3

Given a query sentence, we search and find similar sentences in our corpus using transformer-based models for semantic textual similarity.

  • For one query sentence, we might get 200 similar sentences with scores ranging from 0.95 to 0.55.

  • For a second query sentence, we might get 200 similar sentences with scores ranging from 0.44 to 0.27.

  • For a third query sentence, we might only get 100 similar sentences with scores ranging from 0.71 to 0.11.

In all those cases, is there a way to predict where our threshold should be without losing too many relevant sentences? Having a similarity score of 1.0 does not mean that two documents are 2X more similar than if the score was 0.5. Is there a way to determine the topk (how many of the top scoring sentences we should return) parameter?

DarknessPlusPlus
  • 215
  • 2
  • 10

1 Answers1

3

As far as I know there is no satisfactory answer:

  • One uses a threshold in order to avoid having to choose a specific K in a top K approach. The threshold is often selected manually to eliminate the sentences which are really not relevant. This makes this method more suitable for favouring recall, if you ask me.
  • Conversely, one uses a "top K" approach in order not to select a threshold. I think K is often selected quite low in order to keep mostly relevant sentences, i.e. it's an approach more suitable for high precision tasks.

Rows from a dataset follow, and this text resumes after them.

(* Let $K$ be a commutative unital ring, $k,n\in\mathbb{N}^*$, $\bar a,\bar b=(b_1,\dots,b_k),\bar c=(c_1,\dots,c_k)\in K^k$, $n=mk+r$ with $0\le r<k$, $d_i:=b_ic_i$, $\bar d:=(d_1,\dots,d_k)$. Suppose that for some $q\ge1$ and indices $1\le i_1<i_2<\dots<i_q\le k$ with $n>i_1$ we have $b_{i_1}=\dots=b_{i_q}=0$, or $c_{i_1}=\dots=c_{i_q}=0$. Put $i_{q+1}:=i_1+k$, $i_0:=i_q$. If $r\le i_1$ let $r':=r+k$ and $p:=0$; otherwise let $r':=r$ and let $p\in\mathbb{N}^*$ be such that $i_p<r\le i_{p+1}$. For $1\le j<q$ let $m_j:=1$ if $j<p$ and $m_j:=0$ if $j\ge p$; let $m_q:=0$ if $p>0$ or $m=0$, and $m_q:=-1$ if $p=0$. Then \[\det T^k_n(\bar a,\bar b,\bar c)=\alpha^{\bar a,-\bar d}(i_1,k)\prod_{j=1}^{q}\big(\alpha^{\bar a,-\bar d}_{i_j}(i_{j+1}-i_j,k)\big)^{m+m_j}\,\alpha^{\bar a,-\bar d}_{i_p}(r'-i_p,k).\]
   Context: Vectors in $K^k$ are extended periodically, $-\bar d$ componentwise. $T^k_n(\bar a,\bar b,\bar c)\in M_n(K)$ is the tridiagonal matrix with diagonal $a_1,\dots,a_n$, superdiagonal $b_1,\dots,b_{n-1}$, subdiagonal $c_1,\dots,c_{n-1}$ (periodic indices), zeros elsewhere. In $P=\mathbb{Z}[x_1,\dots,x_k,y_1,\dots,y_k]$, indices are periodic; shift $f_s:=f(x_{s+1},\dots,x_{s+k},y_{s+1},\dots,y_{s+k})$; $f^{\bar a,\bar e}$ is the image under $x_i\mapsto a_i$, $y_i\mapsto e_i$, and $f_s^{\bar a,\bar e}:=(f_s)^{\bar a,\bar e}$. Write $[r]=\{1,\dots,r\}$, $S+1=\{s+1:s\in S\}$. For $0\le r\le k$, $\alpha(r,k):=\sum_{S}\prod_{i\in S}y_i\prod_{j\in[r]\setminus(S\cup(S+1))}x_j$ over subsets $S\subseteq\{1,\dots,r-1\}$ with no two consecutive integers; $\alpha(-1,k):=0$; for $r>k$, $\alpha(r,k):=x_r\alpha(r-1,k)+y_{r-1}\alpha(r-2,k)$; $\alpha_s(r,k):=(\alpha(r,k))_s$. *)

From HB Require Import structures.
From mathcomp Require Import all_boot all_order all_algebra.
Set Implicit Arguments. Unset Strict Implicit. Unset Printing Implicit Defensive.
Import Order.TTheory GRing.Theory.
Local Open Scope ring_scope.

Section Defs.
Variable K : comPzRingType.

(* Periodic, 1-based extension of a vector v = (v_1,...,v_k) in K^k:
   per v i = v_{((i-1) mod k)+1}  (and per v 0 = v_k). *)
Definition per (k : nat) (v : 'I_k -> K) (i : nat) : K :=
  nth 0 [seq v j | j <- enum 'I_k] ((i + k).-1 %% k).

(* T^k_n(a,b,c) with already-periodised sequences a b c : nat -> K (1-based):
   (0-based) entry (i,i) = a_{i+1}, (i,i+1) = b_{i+1}, (i+1,i) = c_{i+1}. *)
Definition tridiag (n : nat) (a b c : nat -> K) : 'M[K]_n :=
  \matrix_(i < n, j < n)
    if i == j :> nat then a i.+1
    else if j == i.+1 :> nat then b i.+1
    else if i == j.+1 :> nat then c j.+1
    else 0.

(* alpha(r,k) for 0 <= r <= k, evaluated at x_j := x j, y_j := y j (1-based).
   A subset S of {1..r} is encoded as S : {set 'I_r}, the ordinal u standing
   for u+1.  S must avoid r (S subset of {1..r-1}) and contain no two
   consecutive integers; the x-product is over j in [r] \ (S u (S+1)). *)
Definition alpha_le (x y : nat -> K) (r : nat) : K :=
  \sum_(S : {set 'I_r} | [forall u in S, ((val u).+1 < r)%N] &&
                        [forall u in S, forall v in S, val v != (val u).+1])
    ((\prod_(u in S) y (val u).+1) *
     \prod_(j : 'I_r | (j \notin S) && [forall u in S, val j != (val u).+1])
        x (val j).+1).

Fixpoint alpha (k : nat) (x y : nat -> K) (r : nat) {struct r} : K :=
  match r with
  | 0 => alpha_le x y 0%N
  | r1.+1 =>
      if (r1.+1 <= k)%N then alpha_le x y r1.+1
      else x r1.+1 * alpha k x y r1 +
           y r1 * (match r1 with 0%N => 0 | r2.+1 => alpha k x y r2 end)
  end.

(* alpha^{a,e}_s(r,k): the shift x_i -> x_{s+i}, y_i -> y_{s+i}, followed by
   the evaluation x_i -> a_i, y_i -> e_i (a, e periodic, 1-based). *)
Definition alphaE (k : nat) (a e : nat -> K) (s r : nat) : K :=
  alpha k (fun t => a (s + t)) (fun t => e (s + t)) r.

End Defs.

Definition iext (k q : nat) (i : nat -> nat) (j : nat) : nat :=
  if (j == 0)%N then i q else if j == q.+1 then (i 1%N + k)%N else i j.

(* exponent m + m_j (m_j as in the paper; m_q = -1 only when p = 0 and m > 0) *)
Definition expo (m p q j : nat) : nat :=
  if (j < q)%N then (m + (j < p))%N
  else if (0 < p)%N || (m == 0)%N then m else m.-1.

From HB Require Import structures.
From mathcomp Require Import all_boot all_order all_algebra.
From mathcomp Require Import zify ring.
Import Order.TTheory GRing.Theory.
Set Implicit Arguments. Unset Strict Implicit. Unset Printing Implicit Defensive.
Local Open Scope ring_scope.

(* Write K_n(x; y) for the continuant: K_0 = 1, K_1 = x_1 and
   K_{n+2} = x_{n+2} K_{n+1} + y_{n+1} K_n.  The proof has four steps.
   1. Laplace expansion along the last row: det T_n(a,b,c) = K_n(a; -bc).
   2. The subset sum alpha(r,k) of the paper obeys the same recurrence
      (split the admissible subsets of {1..r} by whether r-1 is chosen),
      so alpha(r,k) = K_r for every k, and the shifted evaluated alpha_s is
      the continuant of the sequences started after position s.
   3. A vanishing link y_s = 0 splits a continuant at s.  Cutting at
      i_1 < ... < i_q and using k-periodicity, the continuant of length
      i_1 + t k + (i_J - i_1) + L equals
      K_{i_1} * prod_j B_j^(t + [j < J]) * (continuant of length L after i_J),
      B_j being the block from i_j to i_{j+1}.
   4. The theorem is the instance t = m - 1, J = q when r <= i_1, and
      t = m, J = p otherwise, once the exponents m + m_j are identified. *)

Lemma nat_ind2 (P : nat -> Prop) :
  P 0%N -> P 1%N -> (forall n, P n -> P n.+1 -> P n.+2) -> forall n, P n.
Proof.
move=> P0 P1 IH n; suff [] : P n /\ P n.+1 by [].
by elim: n => [|n [Pn Pn1]]; split; auto.
Qed.

Section Continuant.
Variable K : comPzRingType.

Fixpoint cont (x y : nat -> K) (n : nat) : K :=
  match n with
  | 0 => 1
  | 1 => x 1%N
  | (m.+1 as n1).+1 => x n1.+1 * cont x y n1 + y n1 * cont x y m
  end.

Lemma cont_SS x y n : cont x y n.+2 = x n.+2 * cont x y n.+1 + y n.+1 * cont x y n.
Proof. by []. Qed.

Lemma cont_ext x x' y y' n : x =1 x' -> y =1 y' -> cont x y n = cont x' y' n.
Proof.
move=> ex ey; elim/nat_ind2: n => [| |n IH1 IH2]; [by [] | exact: ex |].
by rewrite !cont_SS ex ey IH1 IH2.
Qed.
End Continuant.

Section Determinant.
Variable K : comPzRingType.
Variables a b c : nat -> K.

Lemma det_last_col n (M : 'M[K]_n.+1) :
  (forall i, i != ord_max -> M i ord_max = 0) ->
  \det M = M ord_max ord_max * \det (row' ord_max (col' ord_max M)).
Proof.
move=> H; rewrite (expand_det_col _ ord_max) (bigD1 ord_max) //= big1 ?addr0.
  by rewrite /cofactor -signr_odd addnn odd_double expr0 mul1r.
by move=> i /H ->; rewrite mul0r.
Qed.

Lemma tridiag_minor_max n :
  row' ord_max (col' ord_max (tridiag n.+1 a b c)) = tridiag n a b c.
Proof. by apply/matrixP => i j; rewrite !mxE !lift_max. Qed.

(* The minor of T_{n+2} at the last row and column n+1 (0-based n) is
   triangular in its last column, with corner entry b_{n+1} over T_n. *)
Lemma tridiag_minor_sub n (j0 : 'I_n.+2) : val j0 = n ->
  \det (row' ord_max (col' j0 (tridiag n.+2 a b c))) = b n.+1 * \det (tridiag n a b c).
Proof.
move=> j0E; have bump_n : bump n n = n.+1 by rewrite /bump leqnn.
rewrite det_last_col => [|i]; rewrite !mxE lift_max /= j0E bump_n.
  rewrite eqxx (_ : n == n.+1 = false) ?ltn_eqF //; congr (_ * \det _).
  apply/matrixP => i j; rewrite !mxE !lift_max /= j0E.
  by rewrite (_ : bump n j = j) // /bump leqNgt ltn_ord.
move=> ne_in; have lt_in : (i < n)%N by move: ne_in (ltn_ord i); rewrite -val_eqE /=; lia.
by rewrite eqSS (gtn_eqF lt_in) !ltn_eqF //; lia.
Qed.

(* Laplace expansion along the last row gives the three-term recurrence. *)
Lemma det_tridiag_SS n :
  \det (tridiag n.+2 a b c) =
  a n.+2 * \det (tridiag n.+1 a b c) - b n.+1 * c n.+1 * \det (tridiag n a b c).
Proof.
have lt_n : (n < n.+2)%N by [].
pose jn := Ordinal lt_n.
have sign_even : (-1) ^+ (n.+1 + n.+1) = 1 :> K by rewrite -signr_odd addnn odd_double.
have sign_odd : (-1) ^+ (n.+1 + n) = -1 :> K by rewrite -signr_odd addSn addnn /= odd_double.
rewrite (expand_det_row _ ord_max) (bigD1 ord_max) // (bigD1 jn) /=; last first.
  by rewrite -val_eqE /= ltn_eqF.
rewrite big1 ?addr0 => [|j /andP[]]; last first.
  rewrite -!val_eqE /= !mxE /= => ne_j1 ne_j0.
  by rewrite !ifF ?mul0r //; apply/negbTE/eqP; have := ltn_ord j; lia.
rewrite [tridiag _ _ _ _ _ _]mxE [tridiag _ _ _ _ _ _]mxE /= eqxx gtn_eqF // ltn_eqF //.
rewrite /cofactor (@tridiag_minor_sub n jn) // tridiag_minor_max sign_even sign_odd; ring.
Qed.

Lemma det_tridiag n : \det (tridiag n a b c) = cont a (fun t => - (b t * c t)) n.
Proof.
elim/nat_ind2: n => [| |n IH1 IH2]; [exact: det_mx00 | by rewrite det_mx11 mxE |].
by rewrite det_tridiag_SS cont_SS IH1 IH2; ring.
Qed.
End Determinant.

Section Subsets.
Variable R : nmodType.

The choice depends on the task:

  • First, the approach could be chosen based on what is done with the selected sentences: if it's something like question answering, one wants high precision usually. If it's information retrieval, one wants high recall. If it's a search engine, just rank the sentences by decreasing similarity.
  • Then for the value itself (K or threshold), the ideal case is to do some hyper-parameter tuning. i.e. testing multiple values and evaluate the results. If this is convenient or doable for the task, then look at a few examples and manually select a value which looks reasonable.
Erwan
  • 26,519
  • 3
  • 16
  • 39